### Exercise description:
Please give back only the lines below from the one containing "Local Notation line3" to the one containing "b cos alpha);", each repeated word for word, both ends included.

── Material for this exercise

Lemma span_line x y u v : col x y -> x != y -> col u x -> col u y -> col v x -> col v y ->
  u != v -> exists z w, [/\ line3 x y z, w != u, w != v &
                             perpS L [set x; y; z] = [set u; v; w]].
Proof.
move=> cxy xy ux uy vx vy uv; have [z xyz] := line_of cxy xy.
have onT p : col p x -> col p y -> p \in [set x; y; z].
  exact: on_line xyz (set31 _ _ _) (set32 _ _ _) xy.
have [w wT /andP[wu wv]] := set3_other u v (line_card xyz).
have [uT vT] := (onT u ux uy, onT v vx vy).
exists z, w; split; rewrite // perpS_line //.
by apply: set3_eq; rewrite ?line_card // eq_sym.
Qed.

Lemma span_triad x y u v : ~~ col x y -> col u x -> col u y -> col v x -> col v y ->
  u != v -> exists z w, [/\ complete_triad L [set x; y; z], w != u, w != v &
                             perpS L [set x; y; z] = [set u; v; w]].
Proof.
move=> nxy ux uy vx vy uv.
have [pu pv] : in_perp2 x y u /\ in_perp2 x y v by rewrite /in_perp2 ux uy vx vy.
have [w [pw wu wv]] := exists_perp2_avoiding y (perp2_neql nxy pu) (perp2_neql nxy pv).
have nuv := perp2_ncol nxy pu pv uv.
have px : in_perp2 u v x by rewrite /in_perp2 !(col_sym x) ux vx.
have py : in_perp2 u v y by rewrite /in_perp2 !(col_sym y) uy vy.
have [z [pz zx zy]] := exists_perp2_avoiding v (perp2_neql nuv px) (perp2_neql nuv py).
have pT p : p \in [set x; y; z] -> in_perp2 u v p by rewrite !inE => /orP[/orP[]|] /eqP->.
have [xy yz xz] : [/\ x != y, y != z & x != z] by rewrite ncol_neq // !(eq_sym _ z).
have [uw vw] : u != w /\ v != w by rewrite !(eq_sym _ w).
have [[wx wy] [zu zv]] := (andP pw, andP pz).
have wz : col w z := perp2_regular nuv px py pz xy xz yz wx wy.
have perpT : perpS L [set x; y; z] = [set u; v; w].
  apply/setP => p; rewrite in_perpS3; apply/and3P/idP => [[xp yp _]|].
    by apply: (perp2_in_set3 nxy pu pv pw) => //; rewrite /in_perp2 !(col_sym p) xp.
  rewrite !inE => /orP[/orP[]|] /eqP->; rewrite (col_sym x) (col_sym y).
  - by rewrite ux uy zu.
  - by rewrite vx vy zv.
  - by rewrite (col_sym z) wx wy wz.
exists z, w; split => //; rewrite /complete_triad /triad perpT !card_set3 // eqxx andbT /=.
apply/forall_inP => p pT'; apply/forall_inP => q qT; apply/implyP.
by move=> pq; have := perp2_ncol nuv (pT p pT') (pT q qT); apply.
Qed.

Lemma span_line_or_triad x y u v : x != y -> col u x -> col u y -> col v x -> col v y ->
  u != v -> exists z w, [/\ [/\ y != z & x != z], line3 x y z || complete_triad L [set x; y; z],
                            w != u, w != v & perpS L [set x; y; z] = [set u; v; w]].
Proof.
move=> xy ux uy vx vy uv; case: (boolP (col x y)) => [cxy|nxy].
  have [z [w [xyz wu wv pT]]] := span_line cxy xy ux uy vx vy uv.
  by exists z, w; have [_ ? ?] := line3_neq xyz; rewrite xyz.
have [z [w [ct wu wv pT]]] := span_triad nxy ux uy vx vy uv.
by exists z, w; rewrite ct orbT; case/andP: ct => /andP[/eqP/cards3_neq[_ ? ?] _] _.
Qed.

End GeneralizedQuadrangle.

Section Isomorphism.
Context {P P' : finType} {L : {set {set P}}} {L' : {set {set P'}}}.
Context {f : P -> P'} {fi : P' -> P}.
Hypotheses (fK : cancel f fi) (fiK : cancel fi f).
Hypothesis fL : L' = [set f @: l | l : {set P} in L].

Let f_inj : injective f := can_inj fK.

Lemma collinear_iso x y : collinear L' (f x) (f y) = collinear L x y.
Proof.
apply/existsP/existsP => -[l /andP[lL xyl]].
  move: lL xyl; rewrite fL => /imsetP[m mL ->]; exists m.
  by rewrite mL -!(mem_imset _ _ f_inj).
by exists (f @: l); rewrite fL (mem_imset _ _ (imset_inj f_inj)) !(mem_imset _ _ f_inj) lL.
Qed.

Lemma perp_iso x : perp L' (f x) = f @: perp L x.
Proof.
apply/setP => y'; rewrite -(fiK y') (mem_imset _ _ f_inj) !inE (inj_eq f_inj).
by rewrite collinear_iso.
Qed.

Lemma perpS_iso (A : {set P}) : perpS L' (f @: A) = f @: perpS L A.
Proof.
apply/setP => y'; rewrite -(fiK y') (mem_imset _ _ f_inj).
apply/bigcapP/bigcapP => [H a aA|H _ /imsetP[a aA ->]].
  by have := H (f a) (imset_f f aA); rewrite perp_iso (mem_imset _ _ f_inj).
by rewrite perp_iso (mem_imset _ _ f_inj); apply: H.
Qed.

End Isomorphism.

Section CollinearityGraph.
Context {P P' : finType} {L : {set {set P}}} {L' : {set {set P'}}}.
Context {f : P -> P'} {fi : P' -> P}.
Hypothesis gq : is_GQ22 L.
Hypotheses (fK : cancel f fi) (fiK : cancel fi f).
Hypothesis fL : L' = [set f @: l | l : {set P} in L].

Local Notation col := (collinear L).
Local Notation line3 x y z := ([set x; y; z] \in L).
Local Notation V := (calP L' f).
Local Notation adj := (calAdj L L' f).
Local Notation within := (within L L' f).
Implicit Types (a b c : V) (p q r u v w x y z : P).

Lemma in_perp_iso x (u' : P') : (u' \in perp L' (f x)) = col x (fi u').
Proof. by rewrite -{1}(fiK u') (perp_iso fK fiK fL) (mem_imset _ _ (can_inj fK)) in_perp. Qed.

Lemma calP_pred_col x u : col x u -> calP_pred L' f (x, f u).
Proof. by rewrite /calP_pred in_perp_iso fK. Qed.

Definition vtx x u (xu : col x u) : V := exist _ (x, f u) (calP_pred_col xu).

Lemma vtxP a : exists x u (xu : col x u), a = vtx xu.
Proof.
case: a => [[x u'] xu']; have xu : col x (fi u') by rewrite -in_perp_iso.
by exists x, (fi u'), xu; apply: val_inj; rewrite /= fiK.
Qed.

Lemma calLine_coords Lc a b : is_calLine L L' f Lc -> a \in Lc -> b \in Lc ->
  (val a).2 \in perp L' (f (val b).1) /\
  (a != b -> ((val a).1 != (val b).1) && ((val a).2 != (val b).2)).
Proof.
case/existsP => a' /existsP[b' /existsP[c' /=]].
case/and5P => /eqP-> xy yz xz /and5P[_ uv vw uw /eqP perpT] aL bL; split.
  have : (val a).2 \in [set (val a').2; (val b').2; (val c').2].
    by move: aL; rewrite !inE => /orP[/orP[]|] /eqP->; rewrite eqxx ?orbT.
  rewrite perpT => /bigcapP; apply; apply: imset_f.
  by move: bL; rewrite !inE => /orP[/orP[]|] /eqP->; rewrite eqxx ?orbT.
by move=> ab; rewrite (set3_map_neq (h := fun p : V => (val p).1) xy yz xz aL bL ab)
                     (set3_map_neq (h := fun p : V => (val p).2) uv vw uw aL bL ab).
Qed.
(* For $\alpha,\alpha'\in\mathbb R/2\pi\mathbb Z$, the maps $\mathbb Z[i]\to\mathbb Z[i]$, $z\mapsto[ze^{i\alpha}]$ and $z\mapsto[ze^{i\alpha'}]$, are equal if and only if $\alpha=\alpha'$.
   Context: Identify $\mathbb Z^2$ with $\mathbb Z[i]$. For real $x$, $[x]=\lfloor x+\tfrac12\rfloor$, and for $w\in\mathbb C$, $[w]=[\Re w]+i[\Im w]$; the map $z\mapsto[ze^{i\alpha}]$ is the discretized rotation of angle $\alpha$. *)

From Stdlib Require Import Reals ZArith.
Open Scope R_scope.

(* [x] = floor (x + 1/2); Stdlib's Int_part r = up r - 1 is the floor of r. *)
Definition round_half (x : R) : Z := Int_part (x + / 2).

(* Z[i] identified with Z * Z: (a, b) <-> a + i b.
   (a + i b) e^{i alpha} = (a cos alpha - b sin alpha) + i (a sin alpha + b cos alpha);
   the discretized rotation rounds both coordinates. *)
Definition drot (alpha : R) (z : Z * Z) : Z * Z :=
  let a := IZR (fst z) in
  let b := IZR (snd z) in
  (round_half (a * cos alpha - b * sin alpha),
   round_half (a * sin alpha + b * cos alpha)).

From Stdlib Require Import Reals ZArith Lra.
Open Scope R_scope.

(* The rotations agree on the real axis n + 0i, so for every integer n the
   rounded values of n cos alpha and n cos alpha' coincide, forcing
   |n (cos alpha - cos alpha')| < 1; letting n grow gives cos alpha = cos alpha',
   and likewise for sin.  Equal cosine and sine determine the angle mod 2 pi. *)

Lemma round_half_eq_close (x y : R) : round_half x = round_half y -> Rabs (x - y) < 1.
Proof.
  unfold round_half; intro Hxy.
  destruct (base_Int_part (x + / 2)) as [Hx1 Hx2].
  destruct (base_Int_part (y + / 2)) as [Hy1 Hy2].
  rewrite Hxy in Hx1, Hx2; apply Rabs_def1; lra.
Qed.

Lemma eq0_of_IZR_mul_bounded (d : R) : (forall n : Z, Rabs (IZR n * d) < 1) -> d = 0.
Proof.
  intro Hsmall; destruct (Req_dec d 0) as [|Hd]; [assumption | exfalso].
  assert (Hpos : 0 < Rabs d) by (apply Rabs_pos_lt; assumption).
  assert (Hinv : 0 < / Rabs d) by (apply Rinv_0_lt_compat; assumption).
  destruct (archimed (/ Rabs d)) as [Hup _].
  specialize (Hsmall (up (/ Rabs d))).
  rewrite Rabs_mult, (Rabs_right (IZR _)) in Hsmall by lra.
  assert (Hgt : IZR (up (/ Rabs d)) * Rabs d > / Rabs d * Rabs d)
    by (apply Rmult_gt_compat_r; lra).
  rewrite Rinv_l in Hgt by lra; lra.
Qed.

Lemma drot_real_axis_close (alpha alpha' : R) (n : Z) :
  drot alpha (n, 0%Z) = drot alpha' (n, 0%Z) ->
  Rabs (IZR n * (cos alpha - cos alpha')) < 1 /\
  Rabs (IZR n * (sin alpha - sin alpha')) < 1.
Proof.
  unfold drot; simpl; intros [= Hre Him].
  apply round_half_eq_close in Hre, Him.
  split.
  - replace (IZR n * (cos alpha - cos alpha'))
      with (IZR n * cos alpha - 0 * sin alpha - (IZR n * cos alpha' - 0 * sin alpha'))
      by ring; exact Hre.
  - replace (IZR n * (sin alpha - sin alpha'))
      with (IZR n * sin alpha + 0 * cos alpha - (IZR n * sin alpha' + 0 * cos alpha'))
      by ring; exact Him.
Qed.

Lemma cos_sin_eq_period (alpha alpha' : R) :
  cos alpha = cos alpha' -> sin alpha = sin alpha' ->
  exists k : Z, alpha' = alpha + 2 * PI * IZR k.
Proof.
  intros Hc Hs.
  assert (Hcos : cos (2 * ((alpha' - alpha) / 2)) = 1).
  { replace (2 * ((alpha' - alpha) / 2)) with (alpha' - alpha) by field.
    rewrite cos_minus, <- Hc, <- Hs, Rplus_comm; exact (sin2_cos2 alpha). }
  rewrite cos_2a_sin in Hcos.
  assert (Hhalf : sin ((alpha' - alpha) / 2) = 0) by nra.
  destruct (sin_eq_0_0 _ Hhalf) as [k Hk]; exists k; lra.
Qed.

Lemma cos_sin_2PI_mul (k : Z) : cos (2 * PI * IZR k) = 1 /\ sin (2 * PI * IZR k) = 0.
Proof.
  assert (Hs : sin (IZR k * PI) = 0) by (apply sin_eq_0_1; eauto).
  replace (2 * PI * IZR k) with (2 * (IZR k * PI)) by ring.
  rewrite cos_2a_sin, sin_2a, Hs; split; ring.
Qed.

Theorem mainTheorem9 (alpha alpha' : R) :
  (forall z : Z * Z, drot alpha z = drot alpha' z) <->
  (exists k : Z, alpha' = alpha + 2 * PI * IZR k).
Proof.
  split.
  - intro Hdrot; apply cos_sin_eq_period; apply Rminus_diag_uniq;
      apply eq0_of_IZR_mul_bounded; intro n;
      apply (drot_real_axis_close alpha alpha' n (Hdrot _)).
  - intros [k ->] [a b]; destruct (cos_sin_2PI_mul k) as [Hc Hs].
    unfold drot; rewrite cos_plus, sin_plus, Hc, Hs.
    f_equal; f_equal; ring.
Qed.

────

### Result:
Local Notation line3 x y z := ([set x; y; z] \in L).
Local Notation V := (calP L' f).
Local Notation adj := (calAdj L L' f).
Local Notation within := (within L L' f).
Implicit Types (a b c : V) (p q r u v w x y z : P).

Lemma in_perp_iso x (u' : P') : (u' \in perp L' (f x)) = col x (fi u').
Proof. by rewrite -{1}(fiK u') (perp_iso fK fiK fL) (mem_imset _ _ (can_inj fK)) in_perp. Qed.

Lemma calP_pred_col x u : col x u -> calP_pred L' f (x, f u).
Proof. by rewrite /calP_pred in_perp_iso fK. Qed.

Definition vtx x u (xu : col x u) : V := exist _ (x, f u) (calP_pred_col xu).

Lemma vtxP a : exists x u (xu : col x u), a = vtx xu.
Proof.
case: a => [[x u'] xu']; have xu : col x (fi u') by rewrite -in_perp_iso.
by exists x, (fi u'), xu; apply: val_inj; rewrite /= fiK.
Qed.

Lemma calLine_coords Lc a b : is_calLine L L' f Lc -> a \in Lc -> b \in Lc ->
  (val a).2 \in perp L' (f (val b).1) /\
  (a != b -> ((val a).1 != (val b).1) && ((val a).2 != (val b).2)).
Proof.
case/existsP => a' /existsP[b' /existsP[c' /=]].
case/and5P => /eqP-> xy yz xz /and5P[_ uv vw uw /eqP perpT] aL bL; split.
  have : (val a).2 \in [set (val a').2; (val b').2; (val c').2].
    by move: aL; rewrite !inE => /orP[/orP[]|] /eqP->; rewrite eqxx ?orbT.
  rewrite perpT => /bigcapP; apply; apply: imset_f.
  by move: bL; rewrite !inE => /orP[/orP[]|] /eqP->; rewrite eqxx ?orbT.
by move=> ab; rewrite (set3_map_neq (h := fun p : V => (val p).1) xy yz xz aL bL ab)
                     (set3_map_neq (h := fun p : V => (val p).2) uv vw uw aL bL ab).
Qed.
(* For $\alpha,\alpha'\in\mathbb R/2\pi\mathbb Z$, the maps $\mathbb Z[i]\to\mathbb Z[i]$, $z\mapsto[ze^{i\alpha}]$ and $z\mapsto[ze^{i\alpha'}]$, are equal if and only if $\alpha=\alpha'$.
   Context: Identify $\mathbb Z^2$ with $\mathbb Z[i]$. For real $x$, $[x]=\lfloor x+\tfrac12\rfloor$, and for $w\in\mathbb C$, $[w]=[\Re w]+i[\Im w]$; the map $z\mapsto[ze^{i\alpha}]$ is the discretized rotation of angle $\alpha$. *)

From Stdlib Require Import Reals ZArith.
Open Scope R_scope.

(* [x] = floor (x + 1/2); Stdlib's Int_part r = up r - 1 is the floor of r. *)
Definition round_half (x : R) : Z := Int_part (x + / 2).

(* Z[i] identified with Z * Z: (a, b) <-> a + i b.
   (a + i b) e^{i alpha} = (a cos alpha - b sin alpha) + i (a sin alpha + b cos alpha);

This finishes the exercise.